#### [Collected data]
Definition copies_fun f (t : (sar f).-tuple copy_vertex) : rat :=
  \sum_X q X * \sum_(u : (sar f).-tuple V | map val t == map (pair X) (redirect X u))
    sfun u * redirect_weight X u.

Lemma redirect_weight_gt0 (X : {set V}) n (u : n.-tuple V) : 0 < redirect_weight X u.
Proof. by rewrite /redirect_weight; case: ifP. Qed.

Lemma copies_fun_ge0 f (t : (sar f).-tuple copy_vertex) : 0 <= copies_fun t.
Proof.
apply: sumr_ge0 => X _; rewrite mulr_ge0 // sumr_ge0 // => u _.
by rewrite mulr_ge0 ?sfun_ge0 ?ltW ?redirect_weight_gt0.
Qed.

Definition copies : structure s := Struct copies_fun_ge0.

Lemma redirect_id (X : {set V}) n (u : n.-tuple V) : avoids X u -> redirect X u = u.
Proof.
move=> /allP u_avoids; apply: eq_from_tnth => i; rewrite tnth_map /redirect_vertex.
by rewrite (negbTE (u_avoids _ (mem_tnth i u))).
Qed.

Lemma mem_redirect (X : {set V}) n (u : n.-tuple V) y : y \in redirect X u -> y \in u.
Proof.
case/mapP => z zu ->; rewrite /redirect_vertex; case: ifP => // _.
by case: pickP => //= w /andP[].
Qed.

Lemma redirect_keep (X : {set V}) n (u : n.-tuple V) y :
  y \in u -> y \notin X -> y \in redirect X u.
Proof. by move=> yu yX; apply/mapP; exists y; rewrite // /redirect_vertex (negbTE yX). Qed.

Lemma avoids_redirect (X : {set V}) n (u : n.-tuple V) y :
  y \in u -> y \notin X -> avoids X (redirect X u).
Proof.
move=> yu yX; apply/allP => _ /mapP[z zu ->]; rewrite /redirect_vertex.
case: ifP => [_|/negbT //].
by case: pickP => [w /andP[]|/(_ y)] //=; rewrite yu yX.
Qed.

Lemma copy_tuple_exists (X : {set V}) n (w : n.-tuple V) :
  0 < q X -> avoids X w -> exists t : n.-tuple copy_vertex, map val t = map (pair X) w.
Proof.
move=> qX w_avoids; pose l : seq copy_vertex := pmap insub (map (pair X) w).
have l_val : map val l = map (pair X) w.
  rewrite (pmap_filter (@insubK _ _ copy_vertex)); apply/all_filterP.
  by rewrite all_map; apply/allP => y /(allP w_avoids) yX; rewrite /= insubT //= yX qX.
have /eqP l_size : size l == n by rewrite -(size_map val) l_val size_map size_tuple.
by exists (Tuple (introT eqP l_size)).
Qed.
Lemma near_row j : j < R -> (a j).1.+1 = (b j).1 \/ (b j).1.+1 = (a j).1.
Proof. by move=> hj; apply: xadj_near; rewrite hab. Qed.

(* [a R.-1] is adjacent to every [b j] and [b 0] to every [a j]. *)
Definition anchored j := ((a j).1 == (a R.-1).1) && ((b j).1 == (b 0).1).

Lemma anchored_b_below k w : w < k < R -> anchored k ->
  (a w).1 = (a R.-1).1 -> (b w).1 = (b 0).1.
Proof.
move=> hk /andP[/eqP ek /eqP fk] ew.
have [w0|w_gt0] := posnP w; first by rewrite w0.
have c1 := near_top (ltac:(lia) : 0 < R); have c2 := near_top (ltac:(lia) : w < R).
have c3 := near_bottom (ltac:(lia) : 0 < R).
row_adj hab k k; row_adj hab k w; row_adj hab w w; row_adj hab w k; row_adj hab 0 k;
row_adj hab 0 w; row_adj hab k 0; row_adj hab w 0; row_adj hab 0 0.
case: c1 => c1; case: c2 => c2; case: c3 => c3; simpl_xadj; lia.
Qed.

Lemma anchored_b_above k1 k2 w : k1 < k2 < w -> w < R -> anchored k1 -> anchored k2 ->
  (a w).1 = (a R.-1).1 -> (b w).1 = (b 0).1.
Proof.
move=> hk hw /andP[/eqP e1 /eqP f1] /andP[/eqP e2 /eqP f2] ew.
have c1 := near_top (ltac:(lia) : 0 < R); have c2 := near_top hw.
row_adj hab k1 w; row_adj hab w w; row_adj hab w k2; row_adj hab k1 k2;
row_adj hab k2 w; row_adj hab w k1.
case: c1 => c1; case: c2 => c2; simpl_xadj; lia.
Qed.

Lemma anchored_a_above k m : k < m < R -> anchored k ->
  (b m).1 = (b 0).1 -> (a m).1 = (a R.-1).1.
Proof.
move=> hm /andP[/eqP ek /eqP fk] fm.
have [-> //|m_top] := eqVneq m R.-1.
have c1 := near_top (ltac:(lia) : 0 < R); have c2 := near_bottom (ltac:(lia) : m < R).
have c3 := near_top (ltac:(lia) : R.-1 < R).
row_adj hab k k; row_adj hab k m; row_adj hab m m; row_adj hab m k; row_adj hab k R.-1;
row_adj hab m R.-1; row_adj hab R.-1 m; row_adj hab R.-1 R.-1; row_adj hab R.-1 k.
case: c1 => c1; case: c2 => c2; case: c3 => c3; simpl_xadj; lia.
Qed.

Lemma anchored_a_below k1 k2 m : m < k1 < k2 -> k2 < R -> anchored k1 -> anchored k2 ->
  (b m).1 = (b 0).1 -> (a m).1 = (a R.-1).1.
Proof.
move=> hk hk2 /andP[/eqP e1 /eqP f1] /andP[/eqP e2 /eqP f2] fm.
have c1 := near_top (ltac:(lia) : 0 < R); have c2 := near_bottom (ltac:(lia) : m < R).
row_adj hab m k2; row_adj hab m m; row_adj hab k1 m; row_adj hab k1 k2.
case: c1 => c1; case: c2 => c2; simpl_xadj; lia.
Qed.

Lemma anchored_all k1 k2 j : k1 < k2 < R -> anchored k1 -> anchored k2 ->
  j < R -> anchored j.
Proof.
move=> hk ak1 ak2 hj.
have ea : (a j).1 = (a R.-1).1.
  have [e //|/eqP na] := eqVneq (a j).1 (a R.-1).1.
  have := near_top (ltac:(lia) : 0 < R); have := near_bottom hj.
  have := near_top hj; have := near_row hj => c1 c2 c3 c4.
  have fj : (b j).1 = (b 0).1 by lia.
  case: (ltngtP j k1) => [jk1|k1j|->]; last by case/andP: ak1 => /eqP.
  - by apply: (anchored_a_below (k1 := k1) (k2 := k2)) => //; lia.
  - by apply: (anchored_a_above (k := k1)) => //; lia.
apply/andP; split; apply/eqP => //.
case: (ltngtP j k2) => [jk2|k2j|->]; last by case/andP: ak2 => _ /eqP.
- by apply: (anchored_b_below (k := k2)) => //; lia.
- by apply: (anchored_b_above (k1 := k1) (k2 := k2)) => //; lia.
Qed.

Definition rightward j := (b j).1 == (a j).1 + 1.

Lemma rightward_anchored j : anchored j -> rightward j = ((b 0).1 == (a R.-1).1 + 1).
Proof. by case/andP=> /eqP ea /eqP eb; rewrite /rightward ea eb. Qed.

Lemma rightward_unanchored j : j < R -> ~~ anchored j ->
  rightward j = ((b 0).1 != (a R.-1).1 + 1).
Proof.
move=> hj; have := near_top (ltac:(lia) : 0 < R); have := near_bottom hj.
have := near_top hj; have := near_row hj; rewrite /anchored /rightward; lia.
Qed.

Lemma rightward_but_one : exists dir, count (fun j => rightward j != dir) (iota 0 R) <= 1.
Proof.
have [le1|gt1] := leqP (count anchored (iota 0 R)) 1.
  exists ((b 0).1 != (a R.-1).1 + 1); apply: leq_trans le1.
  apply: sub_in_count => j; rewrite mem_iota add0n => hj; apply: contraR.
  by move/(rightward_unanchored hj) ->; rewrite eqxx.
have [k1 [k2 [hk ak1 ak2]]] := count_iota_gt1 gt1.
exists ((b 0).1 == (a R.-1).1 + 1); rewrite (@eq_in_count _ _ pred0) ?count_pred0 //.
move=> j; rewrite mem_iota add0n => hj.
by rewrite /= (rightward_anchored (anchored_all hk ak1 ak2 _)) ?eqxx.
Qed.

(* For R >= 3, by [rightward_but_one], the direction of all rows but at most one. *)
Definition majority := 1 < count rightward (iota 0 R).

Lemma rightward_majority : count (fun j => rightward j != majority) (iota 0 R) <= 1.
Proof.
have [dir hdir] := rightward_but_one.
have count_neg : count (fun j => rightward j != false) (iota 0 R) = count rightward (iota 0 R).
  by apply: eq_count => j; case: rightward.
rewrite /majority; case: ltnP => h; last by rewrite count_neg.
by case: dir hdir => // hdir; move: h; rewrite -count_neg; lia.
Qed.

End AdjacentColumns.

Section ThreeColumns.

Variables (R : nat) (a b c : nat -> nat * nat).
Hypotheses (hab : Xpair R a b) (hbc : Xpair R b c).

#### [Directions]
Give only the lines from the one holding "have := near_top hj; have := near_row hj =>" through the one holding "apply/andP; split; apply/eqP => //.", each restated exactly as it appears above.

#### [Exercise result]
  have := near_top hj; have := near_row hj => c1 c2 c3 c4.
  have fj : (b j).1 = (b 0).1 by lia.
  case: (ltngtP j k1) => [jk1|k1j|->]; last by case/andP: ak1 => /eqP.
  - by apply: (anchored_a_below (k1 := k1) (k2 := k2)) => //; lia.
  - by apply: (anchored_a_above (k := k1)) => //; lia.
apply/andP; split; apply/eqP => //.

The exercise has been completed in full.